Lemma U_mul_Phi : U *m Phi = A *m U.
Proof.
apply/row_matrixP => k; rewrite row_mul row_vecs.
have [lt_kr|le_rk] := ltnP k.+1 r.
  by rewrite u_mul_Phi // (row_companion_mul _ _ (i' := Ordinal lt_kr)) // row_vecs.
have r_gt0 : (0 < r)%N by lia.
have kE : (k : nat) = r.-1 by move: (ltn_ord k); lia.
rewrite kE u_last_mul_Phi; apply/rowP => j; rewrite !mxE (bigD1 (Ordinal r_gt0)) //=.
rewrite big1 ?addr0 => [|l ne_l0]; rewrite !mxE kE eqxx coefD coefXn coef1.
  by rewrite /= [(0 == r)%N]eq_sym gtn_eqF // add0r mulN1r.
rewrite ltn_eqF // (_ : (l == 0 :> nat) = false) ?addr0 ?oppr0 ?mul0r //.
by apply/negbTE; rewrite -val_eqE in ne_l0.
Qed.

Lemma W_mul_Phi : W *m Phi = D *m W.
Proof.
apply/row_matrixP => k; rewrite row_mul row_vecs w_mul_Phi //.
have [lt_k6|le_6k] := ltnP k.+1 7.
  by rewrite (row_companion_mul _ _ (i' := Ordinal lt_k6)) // row_vecs.
have kE : (k : nat) = 6%N by move: (ltn_ord k); lia.
apply/rowP => j; rewrite kE !mxE !big_ord_recr big_ord0 /= !mxE kE /= !coef_Poly /=.
by rewrite w7E //; ring.
Qed.

Lemma B_mul_Phi : B *m Phi = T *m B.
Proof. by rewrite mul_col_mx mul_block_col !mul0mx addr0 add0r U_mul_Phi W_mul_Phi. Qed.

Lemma char_poly_A : char_poly A = 'X^r + 1.
Proof.
by rewrite char_poly_companion // -?polyC1 ?monicXnaddC ?size_XnaddC //; lia.
Qed.

Lemma char_poly_D : char_poly D = qD.
Proof. exact: char_poly_companion qD_monic size_qD. Qed.

Lemma char_poly_T : char_poly T = ('X + 1) * ('X^6 - 'X^3 + 1) * ('X^r + 1).
Proof. by rewrite char_poly_block_diag char_poly_A char_poly_D qDE mulrC. Qed.

Lemma A_exp_eq1 m : A ^+ m = 1 <-> (2 * r %| m)%N.
Proof.
have r_gt0 : (0 < r)%N by lia.
apply: (@exp_eq1_iff_of_exp_eqN1 _ _ _ _ (Ordinal r_gt0)) => //.
- by apply: (@exp_eqN1_of_char_poly_mul _ _ _ _ 1); rewrite mulr1 char_poly_A.
- lia.
- by move=> s s_range; rewrite companion_exp_entry //=; [rewrite gtn_eqF | ]; lia.
Qed.

Lemma D_exp_eq1 m : D ^+ m = 1 <-> (18 %| m)%N.
Proof.
apply: (@exp_eq1_iff_of_exp_eqN1 _ _ 9 _ ord0) => //.
- apply: (@exp_eqN1_of_char_poly_mul _ _ _ _ ('X^2 - 'X + 1)).
  by rewrite char_poly_D qDE; ring.
- by move=> s s_range; rewrite companion_exp_entry //=; [rewrite gtn_eqF | ]; lia.
Qed.

Lemma T_exp_eq1 m : T ^+ m = 1 <-> (lcmn (2 * r) 9 %| m)%N.
Proof.
rewrite exp_block_diag block_diag_eq1 A_exp_eq1 D_exp_eq1 dvdn_lcm.
rewrite -[18%N]/(2 * 9)%N [(2 * 9 %| m)%N]Gauss_dvd //.
split=> [[-> /andP[_ ->]] //|/andP[dvd_2r_m dvd_9_m]].
by rewrite dvd_2r_m dvd_9_m (dvdn_trans _ dvd_2r_m) ?dvdn_mulr.
Qed.

Definition coord_pos (l : nat) : nat := nth 0%N [:: 0; 2; 5; r + 1; r + 3; r + 4; r + 6]%N l.
Definition Ecoord : 'M[int]_(7, r + 7) := \matrix_(l, j) ind (j == coord_pos l :> nat).
Definition UE : 'M[int]_(r + 7) := col_mx U Ecoord.

Definition P_entry (j l : nat) : int :=
  ind ((l == r - j) && ((7 <= j) && (j < r)))%N + ind ((l == r - 1) && (j == 1))%N
  - ind ((l == r - 3) && (j == 3))%N - ind ((l == r - 4) && (j == 4))%N
  + ind ((l == r - 6) && (j == 6))%N + ind ((l == r - 2) && (j == r + 2))%N
  - ind ((l == r - 5) && (j == r + 5))%N + ind ((l == 0) && (j == r))%N.

Definition Q_entry (j l : nat) : int :=
  ind ((l == 0) && (j == 0))%N + ind ((l == 0) && (j == r))%N + ind ((l == 1) && (j == 2))%N
  + ind ((l == 2) && (j == 5))%N + ind ((l == 3) && (j == r + 1))%N + ind ((l == 4) && (j == 3))%N
  + ind ((l == 4) && (j == r + 3))%N + ind ((l == 5) && (j == r + 4))%N
  + ind ((l == 6) && (j == 6))%N + ind ((l == 6) && (j == r + 6))%N.

Definition P : 'M[int]_(r + 7, r) := \matrix_(j, l) P_entry j l.
Definition Q : 'M[int]_(r + 7, 7) := \matrix_(j, l) Q_entry j l.

Lemma PQ_mul_UE : row_mx P Q *m UE = 1.
Proof.
have u_r1 b : u (r - 1) b = ind (b == 1)%N by rewrite /u; case_lia.
have u_r2 b : u (r - 2) b = ind (b == r + 2)%N by rewrite /u; case_lia.
have u_r3 b : u (r - 3) b = ind (b == r + 3)%N - ind (b == 3)%N by rewrite /u; case_lia.
have u_r4 b : u (r - 4) b = - ind (b == 4)%N by rewrite /u; case_lia.
have u_r5 b : u (r - 5) b = - ind (b == r + 5)%N by rewrite /u; case_lia.
have u_r6 b : u (r - 6) b = ind (b == 6)%N - ind (b == r + 6)%N by rewrite /u; case_lia.
have u_rsub a b : (if [&& (r - a < r)%N, (6 < a)%N & (a < r)%N] then u (r - a) b else 0)
    = ind [&& (6 < a)%N, (a < r)%N & (b == a)%N] by rewrite /u; case_lia.
rewrite mul_row_col; apply/matrixP => i j; rewrite [LHS]mxE.
rewrite (@mul_matrix_entry _ _ _ P_entry u) /P_entry.
rewrite (@mul_matrix_entry _ _ _ Q_entry (fun l j => ind (j == coord_pos l)%N)) /Q_entry.
under eq_bigr do rewrite !(mulrDl, mulrBl, mulNr).
under [X in _ + X]eq_bigr do rewrite !(mulrDl, mulrBl, mulNr).
rewrite !(big_split, sumrB, sumrN) /= !(sum_ind_mul _ (fun l => u l j)).
rewrite !(sum_ind_mul _ (fun l => ind ((j : nat) == coord_pos l)%N)) /coord_pos /=.
rewrite -idmxE !mxE natr_ind -val_eqE /=.
have := ltn_ord i; have := ltn_ord j; move: (nat_of_ord i) (nat_of_ord j) => a b lt_a lt_b.
by rewrite u_rsub u_r1 u_r2 u_r3 u_r4 u_r5 u_r6 /u /=; case_lia_free_of b; case_lia.
Qed.

Lemma W_mul_Q : W *m Q = WQ.
Proof.
apply/matrixP => k l; rewrite (@mul_matrix_entry _ _ _ w Q_entry) /Q_entry.
under eq_bigr do rewrite !mulrDr.
rewrite !big_split /= !(sum_mul_indC _ (w k)) mxE.
case: k => [[|[|[|[|[|[|[|k]]]]]]] lt_k] //; case: l => [[|[|[|[|[|[|[|l]]]]]]] lt_l] //;
  rewrite /w /=; case_lia.
Qed.

Lemma det_B_neq0 : \det B != 0.
Proof.
have UE_PQ : UE *m row_mx P Q = 1 by apply: mulmx1C; rewrite PQ_mul_UE.
move: UE_PQ; rewrite mul_col_row -idmxE (scalar_mx_block r 7) => /eq_block_mx[UP1 UQ0 _ _].
(* B *m row_mx P Q is block lower triangular with diagonal blocks 1 and WQ. *)
apply: contraNneq det_WQ_neq0 => detB0.
have : \det (B *m row_mx P Q) = 0 by rewrite det_mulmx detB0 mul0r.
by rewrite /B mul_col_row UP1 UQ0 det_lblock det1 mul1r W_mul_Q => ->.
Qed.

End Nakayama.

Theorem proposition6p1 (r : nat) (hr : (9 <= r)%N) :
  coxeter_poly (nakayama_cartan (r + 7) r)
    = ('X + 1) * ('X^6 - 'X^3 + 1) * ('X^r + 1)
  /\ is_coxeter_number (nakayama_cartan (r + 7) r) (lcmn (2 * r) 9).
Proof.
have B_Phi := B_mul_Phi hr; have detB := det_B_neq0 hr.
rewrite /coxeter_poly coxeter_mx_nakayama //; split.
  by rewrite (char_poly_intertwined B_Phi detB) char_poly_T.
apply: is_coxeter_number_of_exp_eq1 => [|k]; first by rewrite lcmn_gt0 muln_gt0 /=; lia.
by rewrite coxeter_mx_nakayama // (exp_eq1_intertwined B_Phi detB) T_exp_eq1.
Qed.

→ **Task statement**:
Please report how many lines of the entries above contain the string "Definition". Reply with only the number.

→ **Answer section**:
7